§ Exercise description: Whenever a line in the material below contains "vscal", copy that line.

Record extracts below:

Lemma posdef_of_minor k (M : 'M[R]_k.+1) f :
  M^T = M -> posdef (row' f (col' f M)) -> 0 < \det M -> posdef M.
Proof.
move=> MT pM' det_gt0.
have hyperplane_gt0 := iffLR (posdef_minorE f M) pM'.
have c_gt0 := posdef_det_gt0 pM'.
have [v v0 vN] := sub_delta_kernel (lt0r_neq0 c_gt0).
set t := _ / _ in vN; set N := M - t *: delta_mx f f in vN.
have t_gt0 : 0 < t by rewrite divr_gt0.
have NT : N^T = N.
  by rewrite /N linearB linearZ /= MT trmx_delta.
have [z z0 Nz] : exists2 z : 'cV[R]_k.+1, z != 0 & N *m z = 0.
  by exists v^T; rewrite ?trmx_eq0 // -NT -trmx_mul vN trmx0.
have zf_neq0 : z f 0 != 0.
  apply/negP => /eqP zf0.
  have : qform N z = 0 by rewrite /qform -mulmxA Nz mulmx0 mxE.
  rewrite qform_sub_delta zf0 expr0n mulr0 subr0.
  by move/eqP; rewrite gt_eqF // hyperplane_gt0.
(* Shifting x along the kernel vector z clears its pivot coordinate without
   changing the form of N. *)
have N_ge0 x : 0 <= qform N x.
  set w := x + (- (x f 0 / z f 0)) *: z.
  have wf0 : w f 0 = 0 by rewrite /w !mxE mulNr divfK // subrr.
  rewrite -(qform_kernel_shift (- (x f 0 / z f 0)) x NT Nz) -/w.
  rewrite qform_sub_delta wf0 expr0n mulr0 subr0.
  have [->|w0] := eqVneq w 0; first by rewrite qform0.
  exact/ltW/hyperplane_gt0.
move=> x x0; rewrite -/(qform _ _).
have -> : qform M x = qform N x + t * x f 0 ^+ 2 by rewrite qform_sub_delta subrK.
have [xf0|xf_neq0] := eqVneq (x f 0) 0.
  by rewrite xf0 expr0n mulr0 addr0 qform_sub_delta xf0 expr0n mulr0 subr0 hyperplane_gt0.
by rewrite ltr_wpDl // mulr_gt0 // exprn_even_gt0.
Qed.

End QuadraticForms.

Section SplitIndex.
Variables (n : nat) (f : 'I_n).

End of Record extracts.
Record extracts below:

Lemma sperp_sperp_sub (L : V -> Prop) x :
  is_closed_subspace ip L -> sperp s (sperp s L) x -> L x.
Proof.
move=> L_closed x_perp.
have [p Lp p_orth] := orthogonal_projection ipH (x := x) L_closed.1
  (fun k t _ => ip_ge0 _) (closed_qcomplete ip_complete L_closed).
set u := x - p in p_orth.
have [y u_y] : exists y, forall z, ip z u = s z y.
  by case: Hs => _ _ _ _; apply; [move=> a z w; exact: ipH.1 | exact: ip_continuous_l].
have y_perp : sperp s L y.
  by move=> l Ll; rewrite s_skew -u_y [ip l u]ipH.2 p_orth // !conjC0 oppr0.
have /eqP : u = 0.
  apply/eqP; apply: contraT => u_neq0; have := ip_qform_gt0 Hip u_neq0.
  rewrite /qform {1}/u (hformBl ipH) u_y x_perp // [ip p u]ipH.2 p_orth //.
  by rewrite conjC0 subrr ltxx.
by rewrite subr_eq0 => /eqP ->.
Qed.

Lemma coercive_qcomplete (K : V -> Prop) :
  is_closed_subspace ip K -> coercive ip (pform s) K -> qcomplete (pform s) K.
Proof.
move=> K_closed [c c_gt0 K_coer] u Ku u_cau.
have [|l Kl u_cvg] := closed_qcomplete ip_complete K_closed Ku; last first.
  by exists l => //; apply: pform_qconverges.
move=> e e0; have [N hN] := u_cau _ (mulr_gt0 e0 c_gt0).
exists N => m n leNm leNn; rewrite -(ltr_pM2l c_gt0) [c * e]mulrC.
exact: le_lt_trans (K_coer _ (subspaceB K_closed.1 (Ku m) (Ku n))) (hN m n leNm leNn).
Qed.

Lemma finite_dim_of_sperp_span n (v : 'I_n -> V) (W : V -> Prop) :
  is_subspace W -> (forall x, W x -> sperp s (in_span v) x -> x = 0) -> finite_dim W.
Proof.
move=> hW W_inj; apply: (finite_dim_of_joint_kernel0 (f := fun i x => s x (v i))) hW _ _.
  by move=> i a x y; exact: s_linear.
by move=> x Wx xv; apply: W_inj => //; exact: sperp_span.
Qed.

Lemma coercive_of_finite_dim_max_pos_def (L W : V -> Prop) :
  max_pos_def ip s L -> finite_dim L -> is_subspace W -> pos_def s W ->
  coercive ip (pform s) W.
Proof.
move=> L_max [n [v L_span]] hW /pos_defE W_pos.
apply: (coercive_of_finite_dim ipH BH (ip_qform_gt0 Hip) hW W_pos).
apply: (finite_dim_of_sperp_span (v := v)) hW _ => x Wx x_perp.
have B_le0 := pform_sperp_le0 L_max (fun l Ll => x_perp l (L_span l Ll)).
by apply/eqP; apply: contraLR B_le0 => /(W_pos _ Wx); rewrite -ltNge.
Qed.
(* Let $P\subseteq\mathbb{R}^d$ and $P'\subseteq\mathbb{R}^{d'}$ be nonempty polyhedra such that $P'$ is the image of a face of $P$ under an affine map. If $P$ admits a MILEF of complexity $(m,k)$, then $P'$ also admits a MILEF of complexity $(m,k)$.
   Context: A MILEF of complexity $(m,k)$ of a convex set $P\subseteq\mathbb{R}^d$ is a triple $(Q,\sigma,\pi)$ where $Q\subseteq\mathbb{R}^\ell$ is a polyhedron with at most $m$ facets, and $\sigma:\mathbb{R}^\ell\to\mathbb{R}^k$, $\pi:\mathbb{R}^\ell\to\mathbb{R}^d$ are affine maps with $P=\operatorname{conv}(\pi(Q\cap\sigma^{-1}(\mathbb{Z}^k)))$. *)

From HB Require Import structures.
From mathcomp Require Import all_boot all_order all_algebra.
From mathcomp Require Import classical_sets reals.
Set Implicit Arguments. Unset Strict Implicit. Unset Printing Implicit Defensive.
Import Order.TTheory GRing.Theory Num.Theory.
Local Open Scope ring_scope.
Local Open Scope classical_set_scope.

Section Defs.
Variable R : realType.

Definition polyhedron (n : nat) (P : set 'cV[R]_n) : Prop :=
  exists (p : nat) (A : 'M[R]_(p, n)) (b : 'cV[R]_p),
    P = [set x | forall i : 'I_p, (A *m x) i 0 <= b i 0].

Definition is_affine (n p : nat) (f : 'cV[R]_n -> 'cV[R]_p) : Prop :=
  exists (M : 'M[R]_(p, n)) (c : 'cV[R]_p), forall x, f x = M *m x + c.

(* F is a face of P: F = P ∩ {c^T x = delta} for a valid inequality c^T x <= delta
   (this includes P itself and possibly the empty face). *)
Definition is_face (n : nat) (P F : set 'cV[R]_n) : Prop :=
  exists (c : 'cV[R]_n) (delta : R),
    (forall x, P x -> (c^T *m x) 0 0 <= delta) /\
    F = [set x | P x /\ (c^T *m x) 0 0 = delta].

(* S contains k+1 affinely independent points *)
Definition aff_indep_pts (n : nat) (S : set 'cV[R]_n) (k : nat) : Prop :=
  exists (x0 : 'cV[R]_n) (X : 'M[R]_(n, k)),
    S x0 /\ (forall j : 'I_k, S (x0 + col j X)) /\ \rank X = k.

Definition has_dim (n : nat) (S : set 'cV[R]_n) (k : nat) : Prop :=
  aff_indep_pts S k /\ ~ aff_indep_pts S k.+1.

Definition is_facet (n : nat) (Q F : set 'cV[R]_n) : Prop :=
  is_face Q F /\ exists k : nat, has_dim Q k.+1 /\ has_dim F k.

End of Record extracts.
Record extracts below:

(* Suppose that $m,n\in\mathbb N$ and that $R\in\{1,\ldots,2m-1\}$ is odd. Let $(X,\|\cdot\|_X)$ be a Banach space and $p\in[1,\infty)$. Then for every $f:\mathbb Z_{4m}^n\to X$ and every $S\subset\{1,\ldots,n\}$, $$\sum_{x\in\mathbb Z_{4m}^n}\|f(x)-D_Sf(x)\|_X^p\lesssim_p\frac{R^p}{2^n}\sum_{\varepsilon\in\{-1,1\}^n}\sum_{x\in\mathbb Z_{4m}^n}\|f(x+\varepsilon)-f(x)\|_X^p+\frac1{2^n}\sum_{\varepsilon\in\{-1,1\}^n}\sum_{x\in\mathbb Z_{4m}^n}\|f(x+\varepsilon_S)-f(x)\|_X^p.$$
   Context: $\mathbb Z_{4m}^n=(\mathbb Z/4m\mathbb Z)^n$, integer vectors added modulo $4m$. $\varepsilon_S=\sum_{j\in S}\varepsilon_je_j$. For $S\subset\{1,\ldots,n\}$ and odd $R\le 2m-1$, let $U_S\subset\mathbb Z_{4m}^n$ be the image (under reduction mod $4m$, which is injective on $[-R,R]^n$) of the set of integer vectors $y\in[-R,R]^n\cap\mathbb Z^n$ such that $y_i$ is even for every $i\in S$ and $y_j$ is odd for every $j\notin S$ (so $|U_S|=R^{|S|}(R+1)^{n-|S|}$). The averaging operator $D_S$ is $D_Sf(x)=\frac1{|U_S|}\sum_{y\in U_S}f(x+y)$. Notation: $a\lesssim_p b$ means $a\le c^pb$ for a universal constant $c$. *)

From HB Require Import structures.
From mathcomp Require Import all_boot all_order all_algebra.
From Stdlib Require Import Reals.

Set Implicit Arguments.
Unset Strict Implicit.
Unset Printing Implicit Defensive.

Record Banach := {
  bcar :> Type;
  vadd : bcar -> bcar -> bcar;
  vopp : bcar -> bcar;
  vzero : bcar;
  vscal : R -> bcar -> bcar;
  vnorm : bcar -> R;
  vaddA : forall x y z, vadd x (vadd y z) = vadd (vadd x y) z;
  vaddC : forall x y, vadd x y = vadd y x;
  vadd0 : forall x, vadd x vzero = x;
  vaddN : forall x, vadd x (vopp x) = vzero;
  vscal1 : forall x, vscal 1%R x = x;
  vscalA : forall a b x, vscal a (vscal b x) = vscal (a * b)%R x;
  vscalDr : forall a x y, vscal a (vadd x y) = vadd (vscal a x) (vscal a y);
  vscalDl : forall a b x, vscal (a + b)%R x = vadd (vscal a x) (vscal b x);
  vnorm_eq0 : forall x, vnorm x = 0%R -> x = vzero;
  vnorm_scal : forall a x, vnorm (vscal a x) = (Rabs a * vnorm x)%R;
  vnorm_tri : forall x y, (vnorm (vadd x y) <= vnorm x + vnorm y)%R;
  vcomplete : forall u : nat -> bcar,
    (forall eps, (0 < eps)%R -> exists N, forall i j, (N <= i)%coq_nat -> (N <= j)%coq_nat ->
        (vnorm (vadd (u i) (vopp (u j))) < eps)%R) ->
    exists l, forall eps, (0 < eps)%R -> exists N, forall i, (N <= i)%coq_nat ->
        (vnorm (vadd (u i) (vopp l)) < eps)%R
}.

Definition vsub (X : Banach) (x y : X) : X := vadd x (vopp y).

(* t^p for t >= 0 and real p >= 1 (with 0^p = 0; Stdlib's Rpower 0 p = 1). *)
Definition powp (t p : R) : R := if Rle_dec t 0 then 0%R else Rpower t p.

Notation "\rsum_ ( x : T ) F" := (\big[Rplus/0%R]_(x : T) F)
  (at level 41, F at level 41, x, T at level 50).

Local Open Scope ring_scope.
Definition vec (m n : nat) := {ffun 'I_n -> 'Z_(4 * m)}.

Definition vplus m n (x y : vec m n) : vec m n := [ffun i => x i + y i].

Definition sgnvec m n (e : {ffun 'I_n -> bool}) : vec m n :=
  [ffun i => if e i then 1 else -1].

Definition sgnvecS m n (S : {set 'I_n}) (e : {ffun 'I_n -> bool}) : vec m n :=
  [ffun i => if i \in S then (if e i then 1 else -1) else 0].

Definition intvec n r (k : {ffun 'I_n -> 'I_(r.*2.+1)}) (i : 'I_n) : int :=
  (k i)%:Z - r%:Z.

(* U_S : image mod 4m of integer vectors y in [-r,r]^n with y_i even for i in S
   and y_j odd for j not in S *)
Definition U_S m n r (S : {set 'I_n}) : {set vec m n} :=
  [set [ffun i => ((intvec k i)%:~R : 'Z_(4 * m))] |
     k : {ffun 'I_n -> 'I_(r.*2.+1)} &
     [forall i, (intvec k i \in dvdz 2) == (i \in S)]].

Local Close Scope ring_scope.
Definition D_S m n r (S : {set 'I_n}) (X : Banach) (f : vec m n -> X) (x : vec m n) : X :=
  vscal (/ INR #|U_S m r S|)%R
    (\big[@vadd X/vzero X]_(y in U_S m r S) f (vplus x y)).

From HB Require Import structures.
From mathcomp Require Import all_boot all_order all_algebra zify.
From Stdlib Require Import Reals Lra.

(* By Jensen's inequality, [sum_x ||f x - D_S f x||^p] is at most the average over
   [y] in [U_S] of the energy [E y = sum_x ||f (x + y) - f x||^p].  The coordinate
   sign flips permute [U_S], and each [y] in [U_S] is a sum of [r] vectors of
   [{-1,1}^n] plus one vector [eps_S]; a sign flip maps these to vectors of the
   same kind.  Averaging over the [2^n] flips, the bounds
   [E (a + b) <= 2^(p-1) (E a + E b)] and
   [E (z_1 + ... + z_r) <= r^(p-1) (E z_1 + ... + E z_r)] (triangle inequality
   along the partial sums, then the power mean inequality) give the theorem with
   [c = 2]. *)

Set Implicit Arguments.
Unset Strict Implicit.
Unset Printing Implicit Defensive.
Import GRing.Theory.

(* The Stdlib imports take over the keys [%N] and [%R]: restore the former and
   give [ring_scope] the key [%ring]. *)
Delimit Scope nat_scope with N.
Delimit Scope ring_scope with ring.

End of Record extracts.

§ Reply to the task:
  vscal : R -> bcar -> bcar;
  vscal1 : forall x, vscal 1%R x = x;
  vscalA : forall a b x, vscal a (vscal b x) = vscal (a * b)%R x;
  vscalDr : forall a x y, vscal a (vadd x y) = vadd (vscal a x) (vscal a y);
  vscalDl : forall a b x, vscal (a + b)%R x = vadd (vscal a x) (vscal b x);
  vnorm_scal : forall a x, vnorm (vscal a x) = (Rabs a * vnorm x)%R;
  vscal (/ INR #|U_S m r S|)%R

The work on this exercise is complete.